I may have a problem... when I woke up this morning it was 65F (15C) in my house, but my toads were out an about, didn't even bother them. The house was back up to 75 (25C) in about 30min, but I think the temperate range in my house is too great for a Pacman frog.

I read somewhere that Tomato frogs are pretty hardy, and although they need temps between 70 and 80, when the temp does go lower than normal, they won't stop eating like a pacman does, is this true? Are Tomato frogs Hardy?

Like I siad, the temperate range in my home is 60-85F. (Normally NEVER drops below 70F, but some mornings (maybe every 5 in 200 mornings) it does. 

Can you recommend a good, hardy frog for me?

Thanks,

~Royce

----------


## John Clare

They're more hardy than pacman frogs but I would never buy a frog if I could not meet its requirements.  Tolerances are a different matter.

----------


## bshmerlie

Just get a heatmat and stick it to the side of the tank. Hook it up to a thermostat so when it gets too cold some nights it will kick on and warn up the tank.

----------


## Poly

> They're more hardy than pacman frogs but I would never buy a frog if I could not meet its requirements. Tolerances are a different matter.


"Tolerances are a different matter." Well Put, I realize that, but all I was getting at it is that a Tomato frog seems to require a temperate range that is similar to my home, I read on a care sheet that during the day the need 70-75, and dropping down to 60-65 and night, so this frog can live comfortably in my house without have to add any heat, etc., whereas with a Paman, it would require another heat source.

----------


## Badger

Mostly all frogs/toads need some other form of heat or another, other than the room they are kept in.
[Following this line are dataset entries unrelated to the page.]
(* Let $\Theta\subset\{1,\dots,n\}$ be non-empty. If $\Theta$ contains an odd integer, then the flag manifold $\mathcal F_\Theta$ of $\mathrm{Sp}(2n,\mathbb R)$ has Property (I).
   Context: $Je_i=(-1)^ie_{2n-i+1}$, $\omega(x,y)=x^TJy$, $\mathrm{Sp}(2n,\mathbb R)=\{g:g^TJg=J\}$. $\mathcal F_\Theta$ is the space of isotropic $\Theta$-flags $(V^i)_{i\in\Theta}$ ($V^i$ $\omega$-isotropic, $\dim V^i=i$, nested); flags $V,W$ are antipodal if $V^i\oplus (W^i)^{\perp_\omega}=\mathbb R^{2n}$ for all $i\in\Theta$, and $C(\tau)$ is the set of flags antipodal to $\tau$. $\tau_\Theta^i=\mathrm{Span}\{e_1,\dots,e_i\}$, $(\tau_\Theta^{\rm opp})^i=\mathrm{Span}\{e_{2n},\dots,e_{2n-i+1}\}$; $U_\Theta$ is the unipotent radical of the stabilizer $P_\Theta$ of $\tau_\Theta$, and each $\tau\in C(\tau_\Theta)$ is uniquely $u_\tau\tau^{\rm opp}_\Theta$ with $u_\tau\in U_\Theta$. The inversion map $\iota:C(\tau_\Theta)\to C(\tau_\Theta)$ is $\iota(\tau)=u_\tau^{-1}\tau^{\rm opp}_\Theta$; it preserves $C(\tau_\Theta)\cap C(\tau^{\rm opp}_\Theta)$. $\mathcal F_\Theta$ has Property (I) if $\iota$ leaves no connected component of $C(\tau_\Theta)\cap C(\tau^{\rm opp}_\Theta)$ invariant. *)

From HB Require Import structures.
From mathcomp Require Import all_boot all_order all_algebra.
From mathcomp Require Import all_classical all_reals all_analysis.
Set Implicit Arguments. Unset Strict Implicit. Unset Printing Implicit Defensive.
Import Order.TTheory GRing.Theory Num.Theory.
Import numFieldNormedType.Exports.
Local Open Scope classical_set_scope.
Local Open Scope ring_scope.

(* Conventions: vectors of R^{2n} are ROW vectors 'rV_(n.*2); a linear subspace
   is the row space of a square matrix (mxalgebra, %MS scope).  A matrix g acts
   on column vectors x |-> g x, hence on row vectors v |-> v *m g^T, and on a
   subspace with row-matrix M by M |-> M *m g^T.  Indices are 0-based:
   the basis vector e_(a+1) of the paper is delta_mx 0 a. *)

Section SpDefs.
Variables (R : realType) (n : nat).
Local Notation N := (n.*2).
Local Notation M := 'M[R]_N.

(* J e_i = (-1)^i e_{2n-i+1}: column b (i = b+1) has entry (-1)^(b+1) in row 2n-1-b. *)
Definition Jmat : M :=
  \matrix_(a < N, b < N) (if (a + b == N.-1)%N then (-1) ^+ b.+1 else 0).

Definition omega (x y : 'rV[R]_N) : R := (x *m Jmat *m y^T) 0 0.

Definition Sp : set M := [set g | g^T *m Jmat *m g = Jmat].

Definition isotropic (V : M) : Prop := V *m Jmat *m V^T = 0.

Definition operp (W : M) : M := kermx (Jmat *m W^T).

(* Points of Grassmannians are represented by orthogonal projection matrices
   (the standard embedding, which gives the Grassmannian its topology). *)
Definition is_oproj (P : M) : Prop := P^T = P /\ P *m P = P.

Definition oproj (A : M) : M := xget 0 [set P | is_oproj P /\ (P == A)%MS].

(* The space of (all) Theta-flags: families indexed by nat (with the product
   topology), the i-th entry being the projection onto V^i for i in Theta and
   0 for i not in Theta. *)
Local Notation flagSpace := {ptws nat -> M}.

Definition is_flag (Theta : pred nat) (F : flagSpace) : Prop :=
  (forall i, Theta i -> [/\ is_oproj (F i), \rank (F i) = i & isotropic (F i)]) /\
  (forall i, ~~ Theta i -> F i = 0) /\
  (forall i j, Theta i -> Theta j -> (i <= j)%N -> (F i <= F j)%MS).

Definition FTheta (Theta : pred nat) : set flagSpace := [set F | is_flag Theta F].

Definition antipodal (Theta : pred nat) (V W : flagSpace) : Prop :=
  forall i, Theta i ->
    (V i + operp (W i) == (1%:M : M))%MS /\ (V i :&: operp (W i) == (0 : M))%MS.

Definition Cset (Theta : pred nat) (tau : flagSpace) : set flagSpace :=
  [set V | FTheta Theta V /\ antipodal Theta V tau].

Definition Estd (i : nat) : M := \matrix_(a < N, b < N) (if (a == b) && (a < i)%N then 1 else 0).
Definition Eopp (i : nat) : M := \matrix_(a < N, b < N) (if (a == b) && (N - i <= a)%N then 1 else 0).

Definition tauTheta (Theta : pred nat) : flagSpace := fun i => if Theta i then Estd i else 0.
Definition tauOpp (Theta : pred nat) : flagSpace := fun i => if Theta i then Eopp i else 0.

Definition act (Theta : pred nat) (g : M) (F : flagSpace) : flagSpace :=
  fun i => if Theta i then oproj (F i *m g^T) else 0.

(* The self-dual partial flag of subspaces determined by tau_Theta:
   0, R^{2n}, tau^i and (tau^i)^{perp_omega} for i in Theta. *)
Definition chainSp (Theta : pred nat) : set M :=
  [set W | W = 0 \/ W = 1%:M \/
           exists i, Theta i /\ (W = Estd i \/ W = operp (Estd i))].

(* U_Theta, the unipotent radical of the stabilizer P_Theta of tau_Theta in
   Sp(2n,R): the elements of Sp(2n,R) acting trivially on every successive
   quotient of the chain above, i.e. (g - 1) W <= W' whenever W' is the
   predecessor of W in the chain. *)
Definition Uunip (Theta : pred nat) : set M :=
  [set g | Sp g /\
     forall W W', chainSp Theta W -> chainSp Theta W' -> (W' < W)%MS ->
       (forall W'', chainSp Theta W'' -> ~ ((W' < W'')%MS && (W'' < W)%MS)) ->
       (W *m (g^T - 1%:M) <= W')%MS].

Definition u_of (Theta : pred nat) (tau : flagSpace) : M :=
  xget 1%:M [set u | Uunip Theta u /\ act Theta u (tauOpp Theta) = tau].

Definition iota (Theta : pred nat) (tau : flagSpace) : flagSpace :=
  act Theta (invmx (u_of Theta tau)) (tauOpp Theta).

Definition Sset (Theta : pred nat) : set flagSpace :=
  Cset Theta (tauTheta Theta) `&` Cset Theta (tauOpp Theta).

Definition PropertyI (Theta : pred nat) : Prop :=
  forall x, Sset Theta x ->
    iota Theta @` @connected_component (flagSpace : topologicalType) (Sset Theta) x
      <> @connected_component (flagSpace : topologicalType) (Sset Theta) x.

End SpDefs.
I would get a heating pad like stated above, or a light fixture with an incandescent bulb.

----------


## Raiden

I can't recommend hardy frogs, but I sure can reccomend some great heat laps and heating pads. :P

Seriously though, if you want something that needs higher temps, set up some kind of small heating element and put it somewhere that doesn't have a draft.

----------


## Poly

> I can't recommend hardy frogs, but I sure can reccomend some great heat laps and heating pads. :P
> 
> Seriously though, if you want something that needs higher temps, set up some kind of small heating element and put it somewhere that doesn't have a draft.


I know how to set up a heat pad, At the time I posted this thread I was looking for an amphibain that didn't require one.

----------


## coffeebaron

Hey Poly, I've had my Tomato frog for a little over 2 weeks now, and I can certainaily vouch for there resiliance. Mines actually gained some size and become fairly bold in a short space of time. 
I keep him at 72-73f during the day, and it drops to about 68f at night.And twice daily mistings. Horacio, as he/she is named, has gone from a dull rusty leaf colour to a solid deep orange. And seems so far to have a steady appetite.

Hope that helps you a little  :Smile:

----------